YOUR TASK
Retype, word for word, each line between the lines holding "Lemma bdf2_inv_indicator_after j" and "pose proof (eta_nonneg (S m) ltac:(lia)).", inclusive, and leave the rest of the data alone.
* * * * *
Lemma bdf2_inv_le_compat g1 g2 k : (k <= N)%nat ->
  (forall j, (1 <= j <= k)%nat -> g1 j <= g2 j) -> bdf2_inv t g1 k <= bdf2_inv t g2 k.
Proof.
  induction k as [|k IH]; intros Hk Hg; simpl; [lra|].
  pose proof (kappa_pos (S k) ltac:(lia)). pose proof (eta_nonneg (S k) ltac:(lia)).
  assert (g1 (S k) <= g2 (S k)) by (apply Hg; lia).
  assert (bdf2_inv t g1 k <= bdf2_inv t g2 k) by (apply IH; [lia | intros; apply Hg; lia]).
  nra.
Qed.

Lemma bdf2_inv_nonneg g k : (k <= N)%nat ->
  (forall j, (1 <= j <= k)%nat -> 0 <= g j) -> 0 <= bdf2_inv t g k.
Proof.
  intros Hk Hg. rewrite <- (bdf2_inv_zero t (fun _ => 0) k) by auto.
  now apply bdf2_inv_le_compat.
Qed.

(* The case [k = 0] holds because [tau t 0 = t 0 - t (0 - 1) = 0]. *)
Lemma bdf2_inv_one k : (k <= N)%nat -> bdf2_inv t (fun _ => 1) k = tau t k.
Proof.
  induction k as [|k IH]; intros Hk; simpl; [unfold tau; simpl; ring|].
  rewrite IH by lia. pose proof (kappa_eta_tau (S k) ltac:(lia)).
  replace (S k - 1)%nat with k in H by lia. lra.
Qed.

Lemma bdf2_inv_le g G k : (k <= N)%nat ->
  (forall j, (1 <= j <= k)%nat -> g j <= G) -> bdf2_inv t g k <= tau t k * G.
Proof.
  intros Hk Hg.
  assert (HG : bdf2_inv t (fun j => G * 1 + 0 * 1) k = tau t k * G).
  { rewrite bdf2_inv_lin, bdf2_inv_one by auto. ring. }
  rewrite <- HG. apply bdf2_inv_le_compat; auto. intros. rewrite Hg by auto. lra.
Qed.

Lemma bdf2_inv_indicator_nonneg j k : (k <= N)%nat -> 0 <= bdf2_inv t (indicator j) k.
Proof.
  intros. apply bdf2_inv_nonneg; auto. intros i _. unfold indicator. destruct (Nat.eqb i j); lra.
Qed.

Lemma bdf2_inv_indicator_before j k : (k < j)%nat -> bdf2_inv t (indicator j) k = 0.
Proof.
  intros. apply bdf2_inv_zero. intros i Hi. unfold indicator.
  destruct (Nat.eqb_spec i j); [lia | reflexivity].
Qed.

Lemma bdf2_inv_indicator_at j : (1 <= j)%nat -> bdf2_inv t (indicator j) j = kappa t j.
Proof.
  intros. destruct j as [|j]; [lia|]. simpl bdf2_inv.
  rewrite bdf2_inv_indicator_before by lia. unfold indicator. rewrite Nat.eqb_refl. ring.
Qed.

Lemma bdf2_inv_indicator_after j k : (j <= k)%nat ->
  bdf2_inv t (indicator j) (S k) = eta t (S k) * bdf2_inv t (indicator j) k.
Proof.
  intros. simpl bdf2_inv. unfold indicator at 1.
  destruct (Nat.eqb_spec (S k) j); [lia | ring].
Qed.

(* Induction on [m >= j]: after its first entry [kappa j <= tau j], the sequence
   [c = bdf2_inv (indicator j)] decays at least by the factor [tau k / (2 tau (k - 1))]. *)
Lemma bdf2_inv_indicator_sum_le T j m : (forall k, (1 <= k <= N)%nat -> tau t k <= T) ->
  (1 <= j <= m)%nat -> (m <= N)%nat ->
  sumR 1 m (bdf2_inv t (indicator j)) + bdf2_inv t (indicator j) m * T / tau t m <= 2 * T.
Proof.
  intros HT [Hj Hjm] Hm. set (c := bdf2_inv t (indicator j)).
  induction Hjm as [|m Hjm IH].
  - destruct j as [|j']; [lia|].
    pose proof (tau_pos (S j') ltac:(lia)). pose proof (HT (S j') ltac:(lia)).
    pose proof (kappa_le_tau (S j') ltac:(lia)). pose proof (kappa_pos (S j') ltac:(lia)).
    rewrite sumR_recr, (sumR_zero 1 j') by (try lia; intros; apply bdf2_inv_indicator_before; lia).
    unfold c. rewrite bdf2_inv_indicator_at by lia.
    assert (kappa t (S j') * T / tau t (S j') <= T).
    { apply Rmult_le_reg_r with (tau t (S j')); [lra|]. unfold Rdiv.
      rewrite Rmult_assoc, Rinv_l by lra. nra. }
    lra.
  - specialize (IH ltac:(lia)). rewrite sumR_recr by lia.
    unfold c at 2 3. rewrite bdf2_inv_indicator_after by lia. fold c.
    pose proof (tau_pos m ltac:(lia)). pose proof (tau_pos (S m) ltac:(lia)).
    pose proof (HT (S m) ltac:(lia)).
    assert (0 <= c m) by (apply bdf2_inv_indicator_nonneg; lia).
    pose proof (eta_nonneg (S m) ltac:(lia)).
    pose proof (eta_tau_le_half (S m) ltac:(lia)) as He. replace (S m - 1)%nat with m in He by lia.
    assert (eta t (S m) * c m * T / tau t (S m) <= c m * T / (2 * tau t m)).
    { apply Rmult_le_reg_r with (2 * tau t m * tau t (S m)); [nra|].
      replace (eta t (S m) * c m * T / tau t (S m) * (2 * tau t m * tau t (S m)))
        with (2 * (eta t (S m) * tau t m) * (c m * T)) by (field; lra).
      replace (c m * T / (2 * tau t m) * (2 * tau t m * tau t (S m))) with (tau t (S m) * (c m * T))
        by (field; lra).
      assert (0 <= c m * T) by nra. nra. }
    assert (eta t (S m) * c m <= c m * T / (2 * tau t m)).
    { apply Rmult_le_reg_r with (2 * tau t m); [lra|].
      replace (c m * T / (2 * tau t m) * (2 * tau t m)) with (c m * T) by (field; lra). nra. }
    assert (c m * T / (2 * tau t m) + c m * T / (2 * tau t m) = c m * T / tau t m) by (field; lra).
    lra.
Qed.

Variable p : nat -> nat -> R.
Hypothesis Hp : is_DCC t N p.

Lemma dcc_diag m : (1 <= m <= N)%nat -> p m 0%nat * bdf2 t m 0 = 1.
Proof.
  intros Hm. pose proof (Hp m m Hm ltac:(lia)) as E.
  rewrite sumR_recl, sumR_empty, !Nat.sub_diag in E by lia. lra.
Qed.

Lemma dcc_offdiag m k : (1 <= k)%nat -> (k < m)%nat -> (m <= N)%nat ->
  p m (m - k)%nat * bdf2 t k 0 + p m (m - S k)%nat * bdf2 t (S k) 1 = 1.
Proof.
  intros. pose proof (Hp m k ltac:(lia) ltac:(lia)) as E.
  rewrite sumR_recl, sumR_recl in E by lia.
  rewrite (sumR_zero (S (S k))) in E by (intros; rewrite bdf2_high by lia; ring).
  rewrite Nat.sub_diag in E. replace (S k - k)%nat with 1%nat in E by lia. lra.
Qed.

(* The DCC kernels are the column sums of the inverse of the BDF2 matrix. *)
Lemma sumR_bdf2_inv g m : (1 <= m <= N)%nat ->
  sumR 1 m (bdf2_inv t g) = sumR 1 m (fun j => p m (m - j)%nat * g j).
Proof.
  intros Hm.
  rewrite (sumR_ext 1 m (fun j => p m (m - j)%nat * g j)
             (fun j => p m (m - j)%nat * (bdf2 t j 0 * bdf2_inv t g j + bdf2 t j 1 * bdf2_inv t g (j - 1)%nat)))
    by (intros; rewrite <- bdf2_inv_spec by lia; reflexivity).
  rewrite (sumR_by_parts (fun j => p m (m - j)%nat) (fun j => bdf2 t j 0) (fun j => bdf2 t j 1)
             (bdf2_inv t g) m eq_refl).
  destruct m as [|m]; [lia|].
  rewrite !sumR_recr by lia.
  rewrite (sumR_ext 1 m (fun k => bdf2_inv t g k * (p (S m) (S m - k)%nat * bdf2 t k 0
                                   + p (S m) (S m - S k)%nat * bdf2 t (S k) 1)) (bdf2_inv t g))
    by (intros; rewrite dcc_offdiag by lia; ring).
  rewrite Nat.sub_diag, (dcc_diag (S m) Hm). ring.
Qed.

Lemma dcc_kernel_bdf2_inv m j : (1 <= j <= m)%nat -> (m <= N)%nat ->
  p m (m - j)%nat = sumR 1 m (bdf2_inv t (indicator j)).
Proof. intros. rewrite sumR_bdf2_inv, sumR_indicator by lia. reflexivity. Qed.

Lemma dcc_kernel_nonneg m j : (1 <= j <= m)%nat -> (m <= N)%nat -> 0 <= p m (m - j)%nat.
Proof.
  intros. rewrite dcc_kernel_bdf2_inv by lia. apply sumR_nonneg. intros.
  apply bdf2_inv_indicator_nonneg. lia.
Qed.

Lemma dcc_kernel_sum m : (1 <= m <= N)%nat -> sumR 1 m (fun j => p m (m - j)%nat) = t m - t 0%nat.
Proof.
  intros Hm. rewrite (sumR_ext _ _ _ (fun j => p m (m - j)%nat * 1)) by (intros; ring).
  rewrite <- sumR_bdf2_inv by auto.
  rewrite (sumR_ext _ _ _ (tau t)) by (intros; apply bdf2_inv_one; lia).
  apply sumR_tau. lia.
Qed.

Lemma dcc_weighted_sum_le g m : (1 <= m <= N)%nat ->
  sumR 1 m (fun k => p m (m - k)%nat * g k) <= (t m - t 0%nat) * maxR 1 m g.
Proof.
  intros Hm. apply Rle_trans with (sumR 1 m (fun k => maxR 1 m g * p m (m - k)%nat)).
  - apply sumR_le. intros k Hk. rewrite (Rmult_comm (maxR 1 m g)).
    apply Rmult_le_compat_l; [apply dcc_kernel_nonneg; lia | apply maxR_ge; lia].
  - rewrite sumR_scal, dcc_kernel_sum by auto. lra.
Qed.
Lemma ge0_from_peak_kernel u : continuous u -> periodic u (2 * pi) ->
  (forall M (t1 : R), 0 <= int2pi (fun t => peak_kernel M t1 t * u t)) ->
  forall t, 0 <= u t.
Proof.
move=> cu pu u_mom t; rewrite leNgt; apply/negP => ut.
have [t1 t1_in ut1] := periodic_lt0_interior cu pu ut.
by have [M] := peak_kernel_moment_lt0 cu t1_in ut1; rewrite ltNge u_mom.
Qed.

Lemma eq0_from_peak_kernel u : continuous u -> periodic u (2 * pi) ->
  (forall M (t1 : R), int2pi (fun t => peak_kernel M t1 t * u t) = 0) ->
  forall t, u t = 0.
Proof.
move=> cu pu u_mom t; apply/eqP; rewrite eq_le -oppr_ge0.
rewrite (ge0_from_peak_kernel cu pu) => [|M t1]; last by rewrite u_mom.
have pnu : periodic (fun t => - u t) (2 * pi) by move=> s; rewrite pu.
have mom_nu M t1 : 0 <= int2pi (fun t => peak_kernel M t1 t * - u t).
  rewrite (@eq_int2pi _ _ (fun t => -1 * (peak_kernel M t1 t * u t))) => [|s _]; last by ring.
  rewrite int2piZ ?u_mom ?mulr0 //.
  exact/continuous_integrable2pi/continuousM_fun/cu/continuous_peak_kernel.
by rewrite andbT; exact: (ge0_from_peak_kernel (continuousN_fun cu) pnu mom_nu t).
Qed.

Lemma cge0_from_peak_kernel g : ccontinuous g -> periodic g (2 * pi) ->
  (forall M (t1 : R), 0 <= cmean (fun t => (peak_kernel M t1 t)%:C%C * g t)) ->
  forall t, 0 <= g t.
Proof.
move=> [cRe cIm] pg g_mom t; have inv_gt0 : 0 < (2 * pi)^-1 :> R by rewrite invr_gt0 twopi_gt0.
have mom M t1 : (int2pi (fun t => peak_kernel M t1 t * complex.Im (g t)) == 0)
    && (0 <= int2pi (fun t => peak_kernel M t1 t * complex.Re (g t))).
  have := g_mom M t1.
  by rewrite cmean_realM ge0_complexE /= mulf_eq0 (gt_eqF inv_gt0) pmulr_rge0.
rewrite ge0_complexE; apply/andP; split.
  apply/eqP; apply: (eq0_from_peak_kernel cIm) => [s|M t1]; first by rewrite pg.
  by have /andP[/eqP] := mom M t1.
apply: (ge0_from_peak_kernel cRe) => [s|M t1]; first by rewrite pg.
by have /andP[_] := mom M t1.
Qed.

Lemma ceq0_from_peak_kernel g : ccontinuous g -> periodic g (2 * pi) ->
  (forall M (t1 : R), cmean (fun t => (peak_kernel M t1 t)%:C%C * g t) = 0) ->
  forall t, g t = 0.
Proof.
move=> [cRe cIm] pg g_mom t; have inv_gt0 : 0 < (2 * pi)^-1 :> R by rewrite invr_gt0 twopi_gt0.
have mom M t1 : (int2pi (fun t => peak_kernel M t1 t * complex.Re (g t)) == 0)
    && (int2pi (fun t => peak_kernel M t1 t * complex.Im (g t)) == 0).
  by have /eqP := g_mom M t1; rewrite cmean_realM eq_complex /= !mulf_eq0 (gt_eqF inv_gt0).
apply/eqP; rewrite eq_complex; apply/andP; split; apply/eqP.
  apply: (eq0_from_peak_kernel cRe) => [s|M t1]; first by rewrite pg.
  by have /andP[/eqP] := mom M t1.
apply: (eq0_from_peak_kernel cIm) => [s|M t1]; first by rewrite pg.
by have /andP[_ /eqP] := mom M t1.
Qed.

End PeakKernel.
Arguments binomial_weights {R} M t1 _.

Section ToeplitzSymbol.
Variable R : realType.
Local Notation C := R[i].
Implicit Types (f g h : R -> C).

Lemma ccontinuous_Cn n f : in_Cn n f -> ccontinuous f.
Proof. by case=> [[cRe [cIm _]] _]. Qed.

Lemma periodic_Cn n f : in_Cn n f -> periodic f (2 * pi).
Proof. by case=> [[_ [_ pf]] _]. Qed.

Lemma fourier_linear f g c k : ccontinuous f -> ccontinuous g ->
  fourier (fun t => c * f t + g t) k = c * fourier f k + fourier g k.
Proof.
move=> cf cg; set e := fun t : R => expi (- (k%:~R * t)).
have ce : ccontinuous e by rewrite /e; under eq_fun do rewrite -mulNr; apply: ccontinuous_expi.
rewrite !fourier_cmean (@eq_cmean _ _ (fun t => c * (f t * e t) + g t * e t)) => [|t _];
  last by rewrite /e; ring.
have cfe : ccontinuous (fun t => f t * e t) by apply: ccontinuousM.
have cge : ccontinuous (fun t => g t * e t) by apply: ccontinuousM.
by rewrite cmeanD ?cmeanZ //; exact: ccontinuousM (ccontinuous_cst c) cfe.
Qed.

Lemma toeplitz1 : toeplitz (fun _ : R => 1 : C) = @idop R.
Proof.
apply/funext => i; apply/funext => j; rewrite /toeplitz /idop fourier_cmean.
rewrite (@eq_cmean _ _ (fun t => expi ((j%:Z - i%:Z)%:~R * t))) => [|t _].
  by rewrite cmean_expi subr_eq0 eqz_nat eq_sym.
by rewrite mul1r -mulNr -intrN opprB.
Qed.

Lemma fourier_eq0 h : ccontinuous h -> periodic h (2 * pi) ->
  (forall k, fourier h k = 0) -> forall t, h t = 0.
Proof.
move=> ch ph h0; apply: ceq0_from_peak_kernel => // M t1.
rewrite -toeplitz_peak_kernel_form // big1 // => i _.
by rewrite big1 // => j _; rewrite /toeplitz h0 mulr0 mul0r.
Qed.

Lemma toeplitz_inj f g : ccontinuous f -> ccontinuous g ->
  periodic f (2 * pi) -> periodic g (2 * pi) -> toeplitz f = toeplitz g -> f = g.
Proof.
move=> cf cg pf pg fg; have fourier_fg k : fourier f k = fourier g k.
  (* The first column of T_f lists \hat f(m), the first row \hat f(- m.+1). *)
  case: k => m.
    by have := congr1 (fun T => T m 0%N) fg; rewrite /toeplitz subr0.
  by have := congr1 (fun T => T 0%N m.+1) fg; rewrite /toeplitz sub0r -NegzE.
have h0 := @fourier_eq0 (fun t => -1 * g t + f t).
apply/funext => t; apply/eqP; rewrite -subr_eq0 addrC -mulN1r h0 // => [|s|k].
- by apply: ccontinuousD => //; apply: ccontinuousM => //; apply: ccontinuous_cst.
- by rewrite pf pg.
- by rewrite fourier_linear // fourier_fg; ring.
Qed.

Lemma toeplitz_block_pos p (F : 'I_p -> 'I_p -> R -> C) :
  (forall a b, ccontinuous (F a b)) ->
  fun_block_pos F -> op_block_pos (fun a b => toeplitz (F a b)).
Proof.
move=> cF Fpos N xi; rewrite toeplitz_block_form //.
by apply: cmean_ge0 => t _; apply: Fpos.
Qed.

Lemma fun_block_pos_of_toeplitz p (F : 'I_p -> 'I_p -> R -> C) :
  (forall a b, ccontinuous (F a b)) -> (forall a b, periodic (F a b) (2 * pi)) ->
  op_block_pos (fun a b => toeplitz (F a b)) -> fun_block_pos F.
Proof.
move=> cF pF Tpos t v; set G := fun s => \sum_(a < p) \sum_(b < p) (v a)^* * F a b s * v b.
have cG : ccontinuous G.
  apply: ccontinuous_sum => a; apply: ccontinuous_sum => b.
  by apply: ccontinuousM; [apply: ccontinuousM => //|]; apply: ccontinuous_cst.
have pG : periodic G (2 * pi).
  by move=> s; apply: eq_bigr => a _; apply: eq_bigr => b _; rewrite pF.
apply: (cge0_from_peak_kernel cG pG) => M t1; set w := binomial_weights M t1.
rewrite (@eq_cmean _ _ (fun s => \sum_(a < p) \sum_(b < p)
    (trigpoly (fun i => v a * w i) s)^* * F a b s * trigpoly (fun i => v b * w i) s)).
  by rewrite -toeplitz_block_form //; apply: Tpos.
move=> s _; rewrite /G mulr_sumr; apply: eq_bigr => a _; rewrite mulr_sumr.
apply: eq_bigr => b _; rewrite !trigpolyZ -normsq_trigpoly_binomial_weights rmorphM /=.
by ring.
Qed.

End ToeplitzSymbol.

Unset Implicit Arguments.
* * * * *
OUTPUT
Lemma bdf2_inv_indicator_after j k : (j <= k)%nat ->
  bdf2_inv t (indicator j) (S k) = eta t (S k) * bdf2_inv t (indicator j) k.
Proof.
  intros. simpl bdf2_inv. unfold indicator at 1.
  destruct (Nat.eqb_spec (S k) j); [lia | ring].
Qed.

(* Induction on [m >= j]: after its first entry [kappa j <= tau j], the sequence
   [c = bdf2_inv (indicator j)] decays at least by the factor [tau k / (2 tau (k - 1))]. *)
Lemma bdf2_inv_indicator_sum_le T j m : (forall k, (1 <= k <= N)%nat -> tau t k <= T) ->
  (1 <= j <= m)%nat -> (m <= N)%nat ->
  sumR 1 m (bdf2_inv t (indicator j)) + bdf2_inv t (indicator j) m * T / tau t m <= 2 * T.
Proof.
  intros HT [Hj Hjm] Hm. set (c := bdf2_inv t (indicator j)).
  induction Hjm as [|m Hjm IH].
  - destruct j as [|j']; [lia|].
    pose proof (tau_pos (S j') ltac:(lia)). pose proof (HT (S j') ltac:(lia)).
    pose proof (kappa_le_tau (S j') ltac:(lia)). pose proof (kappa_pos (S j') ltac:(lia)).
    rewrite sumR_recr, (sumR_zero 1 j') by (try lia; intros; apply bdf2_inv_indicator_before; lia).
    unfold c. rewrite bdf2_inv_indicator_at by lia.
    assert (kappa t (S j') * T / tau t (S j') <= T).
    { apply Rmult_le_reg_r with (tau t (S j')); [lra|]. unfold Rdiv.
      rewrite Rmult_assoc, Rinv_l by lra. nra. }
    lra.
  - specialize (IH ltac:(lia)). rewrite sumR_recr by lia.
    unfold c at 2 3. rewrite bdf2_inv_indicator_after by lia. fold c.
    pose proof (tau_pos m ltac:(lia)). pose proof (tau_pos (S m) ltac:(lia)).
    pose proof (HT (S m) ltac:(lia)).
    assert (0 <= c m) by (apply bdf2_inv_indicator_nonneg; lia).
    pose proof (eta_nonneg (S m) ltac:(lia)).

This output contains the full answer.